# What this task involves:
Below this line is the material. Write out only its lines from the one containing "(- alpha, mone n)]." through the one containing "all (fun t : xpoly", both kept, exactly.

───

(* The images of the forkless monomials $\mathfrak{m}\in\mathfrak{M}$ under the projection $\mathcal{X}\to\mathcal{X}/\mathcal{J}$ form a basis of the $\mathbf{k}$-module $\mathcal{X}/\mathcal{J}$.
   Context: Let $\mathbf{k}$ be a commutative ring, let $\beta,\alpha\in\mathbf{k}$, and let $n$ be a positive integer. Let $\mathcal{X}=\mathbf{k}[x_{i,j}\mid 1\le i<j\le n]$ be the polynomial ring over $\mathbf{k}$ in the indeterminates $x_{i,j}$, and $\mathfrak{M}$ the set of monomials in them. Let $\mathcal{J}$ be the ideal of $\mathcal{X}$ generated by all elements $x_{i,j}x_{j,k}-x_{i,k}(x_{i,j}+x_{j,k}+\beta)-\alpha$ for $1\le i<j<k\le n$. A monomial $\mathfrak{m}\in\mathfrak{M}$ is forkless if there is no triple $1\le i<j<k\le n$ with $x_{i,j}x_{i,k}\mid\mathfrak{m}$. *)

From HB Require Import structures.
From mathcomp Require Import all_boot all_order all_algebra.
Set Implicit Arguments. Unset Strict Implicit. Unset Printing Implicit Defensive.
Import GRing.Theory.
Local Open Scope ring_scope.

(* indeterminates x_{i,j}, 1 <= i < j <= n (0-based here) *)
Definition var (n : nat) := {p : 'I_n * 'I_n | (p.1 < p.2)%N}.

Definition mono (n : nat) := {ffun var n -> nat}.

Definition mmul n (a b : mono n) : mono n := [ffun v => (a v + b v)%N].
Definition mone n : mono n := [ffun _ => 0%N].
(* the monomial x_{i,j} (only used for i < j) *)
Definition mx n (i j : 'I_n) : mono n := [ffun v : var n => nat_of_bool (val v == (i, j))].
Definition mdvd n (a b : mono n) : bool := [forall v, (a v <= b v)%N].

Definition forkless n (m : mono n) : Prop :=
  forall i j k : 'I_n, (i < j)%N -> (j < k)%N -> ~~ mdvd (mmul (mx i j) (mx i k)) m.

(* polynomials over R: formal finite sums of terms c * m;
   two such represent the same polynomial iff they have the same coefficients *)
Definition xpoly (R : comPzRingType) n := seq (R * mono n).
Definition coef (R : comPzRingType) n (p : xpoly R n) (m : mono n) : R :=
  \sum_(t <- p | t.2 == m) t.1.
Definition padd (R : comPzRingType) n (p q : xpoly R n) : xpoly R n := p ++ q.
Definition popp (R : comPzRingType) n (p : xpoly R n) : xpoly R n :=
  [seq (- t.1, t.2) | t <- p].
Definition pmul (R : comPzRingType) n (p q : xpoly R n) : xpoly R n :=
  [seq (a.1 * b.1, mmul a.2 b.2) | a <- p, b <- q].

Definition gen (R : comPzRingType) n (beta alpha : R) (i j k : 'I_n) : xpoly R n :=
  [:: (1, mmul (mx i j) (mx j k));
      (-1, mmul (mx i k) (mx i j));
      (-1, mmul (mx i k) (mx j k));
      (- beta, mx i k);
      (- alpha, mone n)].

Definition inJ (R : comPzRingType) n (beta alpha : R) (p : xpoly R n) : Prop :=
  exists s : seq (xpoly R n * ('I_n * 'I_n * 'I_n)),
    all (fun t : xpoly R n * ('I_n * 'I_n * 'I_n) => (t.2.1.1 < t.2.1.2)%N && (t.2.1.2 < t.2.2)%N) s /\
    coef p =1 coef (flatten [seq pmul t.1 (gen beta alpha t.2.1.1 t.2.1.2 t.2.2) | t : xpoly R n * ('I_n * 'I_n * 'I_n) <- s]).

From HB Require Import structures.
From mathcomp Require Import all_boot all_order all_algebra.
From mathcomp Require Import zify ring.
Import GRing.Theory.
Local Open Scope ring_scope.

(* Orient each generator as the rewriting rule
     x_{ik} x_{ij}  ~>  x_{ij} x_{jk} - x_{ik} x_{jk} - beta x_{ik} - alpha   (i < j < k),
   whose left sides are exactly the forks.  Giving x_{ij} the weight n - i, every rule strictly
   lowers the weight, so reducing at forks terminates and yields a normal form nf(m): a
   combination of forkless monomials congruent to m modulo J.  This gives spanning.
   By the diamond lemma, proved by induction on the weight, the coefficients of nf(m) do not
   depend on which fork is reduced first: two forks dividing m either involve disjoint variables,
   and the two reductions commute, or they overlap inside x_{ia} x_{ib} x_{ic} with a < b < c,
   where an explicit computation resolves the ambiguity.  Hence m |-> nf(m) extends to a linear
   map vanishing on J and fixing forkless monomials, which gives independence. *)

Set Implicit Arguments.
Unset Strict Implicit.
Unset Printing Implicit Defensive.

Section Monomials.
Variable n : nat.
Implicit Types (a b m z : mono n) (i j k : 'I_n).

Definition mdiv a b : mono n := [ffun v => (a v - b v)%N].
Definition var_weight (v : var n) : nat := (n - (val v).1)%N.
Definition mweight m : nat := (\sum_(v : var n) m v * var_weight v)%N.

Lemma mmulE a b v : mmul a b v = (a v + b v)%N.
Proof. by rewrite ffunE. Qed.

Lemma mdivE a b v : mdiv a b v = (a v - b v)%N.
Proof. by rewrite ffunE. Qed.

Lemma mmulA a b c : mmul a (mmul b c) = mmul (mmul a b) c.
Proof. by apply/ffunP=> v; rewrite !mmulE addnA. Qed.

Lemma mmulC a b : mmul a b = mmul b a.
Proof. by apply/ffunP=> v; rewrite !mmulE addnC. Qed.

Lemma mmulAC z a b : mmul (mmul z a) b = mmul (mmul z b) a.
Proof. by rewrite -!mmulA [mmul a b]mmulC. Qed.

Lemma mmul1 a : mmul a (mone n) = a.
Proof. by apply/ffunP=> v; rewrite mmulE ffunE addn0. Qed.

Lemma mdvdP a b : reflect (forall v, a v <= b v)%N (mdvd a b).
Proof. exact: forallP. Qed.

Lemma mdivK a b : mdvd a b -> mmul (mdiv b a) a = b.
Proof. by move/mdvdP=> h; apply/ffunP=> v; rewrite mmulE mdivE subnK. Qed.

Lemma mmulK a b : mdiv (mmul b a) a = b.
Proof. by apply/ffunP=> v; rewrite mdivE mmulE addnK. Qed.

Lemma mdvd_mull a b : mdvd a (mmul b a).
Proof. by apply/mdvdP=> v; rewrite mmulE leq_addl. Qed.

Lemma mweightM a b : mweight (mmul a b) = (mweight a + mweight b)%N.
Proof. by rewrite /mweight -big_split; apply: eq_bigr => v _; rewrite mmulE mulnDl. Qed.

Lemma mweight_mx i j : (i < j)%N -> mweight (mx i j) = (n - i)%N.
Proof.
move=> hij; pose v0 : var n := exist _ (i, j) hij.
rewrite /mweight (bigD1 v0) //= big1 ?addn0; first by rewrite ffunE eqxx mul1n.
move=> v /eqP hv; rewrite ffunE; case: eqP => // e; exfalso; apply: hv.
by apply: val_inj; rewrite e.
Qed.

Lemma pair_neq_ltn i j k : (j < k)%N -> (i, j) <> (i, k).
Proof. by move=> h [e]; move: h; rewrite e ltnn. Qed.

Lemma mx_disj i j i' j' v : (i, j) <> (i', j') -> (mx i j v + mx i' j' v <= 1)%N.
Proof. by move=> ne; rewrite !ffunE; case: eqP => [->|]; case: eqP. Qed.

End Monomials.

Section Coefficients.
Variables (R : comPzRingType) (n : nat).
Implicit Types (p q : xpoly R n) (x : mono n).

Definition pscale (c : R) p : xpoly R n := [seq (c * t.1, t.2) | t <- p].

Lemma xcoef_nil x : coef ([::] : xpoly R n) x = 0.
Proof. by rewrite /coef big_nil. Qed.

Lemma xcoef_cons t p x : coef (t :: p) x = (t.2 == x)%:R * t.1 + coef p x.
Proof. by rewrite /coef big_cons; case: eqP => _; rewrite ?mul1r ?mul0r ?add0r. Qed.

Lemma xcoefE p x : coef p x = \sum_(t <- p) (t.2 == x)%:R * t.1.
Proof. by elim: p => [|t p IH]; rewrite ?xcoef_nil ?big_nil // xcoef_cons IH big_cons. Qed.

Lemma xcoef_cat p q x : coef (p ++ q) x = coef p x + coef q x.
Proof. by rewrite /coef big_cat. Qed.

Lemma xcoef_scale c p x : coef (pscale c p) x = c * coef p x.
Proof. by rewrite !xcoefE big_map big_distrr; apply: eq_bigr => t _ /=; ring. Qed.

Lemma xcoef_popp p x : coef (popp p) x = - coef p x.
Proof. by rewrite !xcoefE big_map -sumrN; apply: eq_bigr => t _ /=; ring. Qed.

Lemma xcoef_flatten (T : Type) (s : seq T) (G : T -> xpoly R n) x :
  coef (flatten [seq G t | t <- s]) x = \sum_(t <- s) coef (G t) x.
Proof. by elim: s => [|t s IH]; rewrite ?xcoef_nil ?big_nil //= xcoef_cat IH big_cons. Qed.

Lemma xcoef_pmul_scale c p q x : coef (pmul (pscale c p) q) x = c * coef (pmul p q) x.
Proof.
elim: p => [|t p IH]; first by rewrite /pmul /= xcoef_nil mulr0.
have -> : pscale c (t :: p) = (c * t.1, t.2) :: pscale c p by [].
rewrite /pmul !allpairs_cons -/(pmul (pscale c p) q) -/(pmul p q) !xcoef_cat IH mulrDr.
by congr (_ + _); rewrite !xcoefE !big_map big_distrr; apply: eq_bigr => b _ /=; ring.
Qed.

End Coefficients.

Section Ideal.
Variables (R : comPzRingType) (beta alpha : R) (n : nat).
Implicit Types (p q : xpoly R n).

Lemma inJ_eq p q : coef p =1 coef q -> inJ beta alpha q -> inJ beta alpha p.
Proof. by move=> e [s [hs h]]; exists s; split => // y; rewrite e h. Qed.

Lemma inJ0 p : coef p =1 (fun=> 0) -> inJ beta alpha p.
Proof. by move=> e; exists [::]; split => // y; rewrite e /= xcoef_nil. Qed.

Lemma inJ_cat p q : inJ beta alpha p -> inJ beta alpha q -> inJ beta alpha (p ++ q).
Proof.
move=> [s1 [h1 e1]] [s2 [h2 e2]]; exists (s1 ++ s2); split; first by rewrite all_cat h1.
by move=> y; rewrite xcoef_cat e1 e2 map_cat flatten_cat xcoef_cat.
Qed.

Lemma inJ_scale c p : inJ beta alpha p -> inJ beta alpha (pscale c p).
Proof.
move=> [s [hs e]]; exists [seq (pscale c t.1, t.2) | t <- s]; split; first by rewrite all_map.
move=> y; rewrite xcoef_scale e !xcoef_flatten big_map big_distrr /=.
by apply: eq_bigr => t _; rewrite xcoef_pmul_scale.
Qed.

Lemma inJ_flatten (T : eqType) (s : seq T) (G : T -> xpoly R n) :
  (forall t, t \in s -> inJ beta alpha (G t)) -> inJ beta alpha (flatten [seq G t | t <- s]).
Proof.
elim: s => [|t s IH] h; first by apply: inJ0 => y; rewrite xcoef_nil.
apply: inJ_cat; first by apply: h; rewrite inE eqxx.
by apply: IH => t' ht'; apply: h; rewrite inE ht' orbT.
Qed.

End Ideal.

Section Rewriting.
Variables (R : comPzRingType) (beta alpha : R) (n : nat).
Implicit Types (m u x : mono n) (p q : xpoly R n).

Definition fork := ('I_n * 'I_n * 'I_n)%type.
Definition fork_ok (f : fork) : bool := (f.1.1 < f.1.2 < f.2)%N.
Definition fork_lm (f : fork) : mono n := mmul (mx f.1.1 f.2) (mx f.1.1 f.1.2).
Definition has_fork (f : fork) m : bool := fork_ok f && mdvd (fork_lm f) m.

Definition rhs_ij_jk (f : fork) : mono n := mmul (mx f.1.1 f.1.2) (mx f.1.2 f.2).
Definition rhs_ik_jk (f : fork) : mono n := mmul (mx f.1.1 f.2) (mx f.1.2 f.2).
Definition rhs_ik (f : fork) : mono n := mx f.1.1 f.2.

Definition reduct (f : fork) u : xpoly R n :=
  [:: (1, mmul u (rhs_ij_jk f)); (-1, mmul u (rhs_ik_jk f));
      (- beta, mmul u (rhs_ik f)); (- alpha, u)].

Lemma mweight_rhs f : fork_ok f ->
  [/\ (mweight (rhs_ij_jk f) < mweight (fork_lm f))%N,
      (mweight (rhs_ik_jk f) < mweight (fork_lm f))%N &
      (mweight (rhs_ik f) < mweight (fork_lm f))%N].
Proof.
case: f => [[i j] k] /andP [/= hij hjk]; have hik : (i < k)%N by lia.
rewrite /rhs_ij_jk /rhs_ik_jk /rhs_ik /fork_lm /= !mweightM !mweight_mx //.
by have := ltn_ord k; have := ltn_ord j; split; lia.
Qed.

Lemma mweight_reduct f m t :
  has_fork f m -> t \in reduct f (mdiv m (fork_lm f)) -> (mweight t.2 < mweight m)%N.
Proof.
case/andP=> hf hd; have [h1 h2 h3] := mweight_rhs hf.
have hm : mweight m = (mweight (mdiv m (fork_lm f)) + mweight (fork_lm f))%N.
  by rewrite -mweightM mdivK.
by rewrite !inE => /or4P [] /eqP -> /=; rewrite ?(mweightM (mdiv _ _)); lia.
Qed.

(* The fuel only serves to make the recursion structural (see nf_fuel_stable). *)
Fixpoint nf_fuel (fuel : nat) m : xpoly R n :=
  if fuel is fuel'.+1 then
    if [pick f | has_fork f m] is Some f then
      flatten [seq pscale t.1 (nf_fuel fuel' t.2) | t <- reduct f (mdiv m (fork_lm f))]
    else [:: (1, m)]
  else [::].

Lemma nf_fuelS (fuel : nat) m : nf_fuel fuel.+1 m =
  if [pick f | has_fork f m] is Some f then
    flatten [seq pscale t.1 (nf_fuel fuel t.2) | t <- reduct f (mdiv m (fork_lm f))]
  else [:: (1, m)].
Proof. by []. Qed.

Lemma nf_fuel_stable (k1 k2 : nat) m :
  (mweight m < k1)%N -> (mweight m < k2)%N -> nf_fuel k1 m = nf_fuel k2 m.
Proof.
elim: k1 k2 m => [|k1 IH] [|k2] m // h1 h2; rewrite !nf_fuelS.
case: pickP => [f hf|//]; congr flatten; apply/eq_in_map => t ht; congr pscale.
have hw := mweight_reduct hf ht.
by apply: IH; [exact: leq_trans hw h1 | exact: leq_trans hw h2].
Qed.

Definition nf m := nf_fuel (mweight m).+1 m.

Lemma nfE m : nf m =
  if [pick f | has_fork f m] is Some f then
    flatten [seq pscale t.1 (nf t.2) | t <- reduct f (mdiv m (fork_lm f))]
  else [:: (1, m)].
Proof.
rewrite /nf nf_fuelS; case: pickP => [f hf|//]; congr flatten; apply/eq_in_map => t ht.
by congr pscale; apply: nf_fuel_stable; [exact: mweight_reduct hf ht | exact: ltnSn].
Qed.

Lemma forkless_pick m : forkless m <-> [pick f | has_fork f m] = None.
Proof.
split=> [hf | hp i j k hij hjk].
  case: pickP => // -[[i j] k] /andP [/andP [/= hij hjk] hd].
  by have := hf i j k hij hjk; rewrite /fork_lm /= mmulC in hd; rewrite hd.
apply/negP => hd; move: hp; case: pickP => // /(_ (i, j, k)).
by rewrite /has_fork /fork_ok /fork_lm /= hij hjk mmulC hd.
Qed.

───

# Solution for this exercise:
      (- alpha, mone n)].

Definition inJ (R : comPzRingType) n (beta alpha : R) (p : xpoly R n) : Prop :=
  exists s : seq (xpoly R n * ('I_n * 'I_n * 'I_n)),
    all (fun t : xpoly R n * ('I_n * 'I_n * 'I_n) => (t.2.1.1 < t.2.1.2)%N && (t.2.1.2 < t.2.2)%N) s /\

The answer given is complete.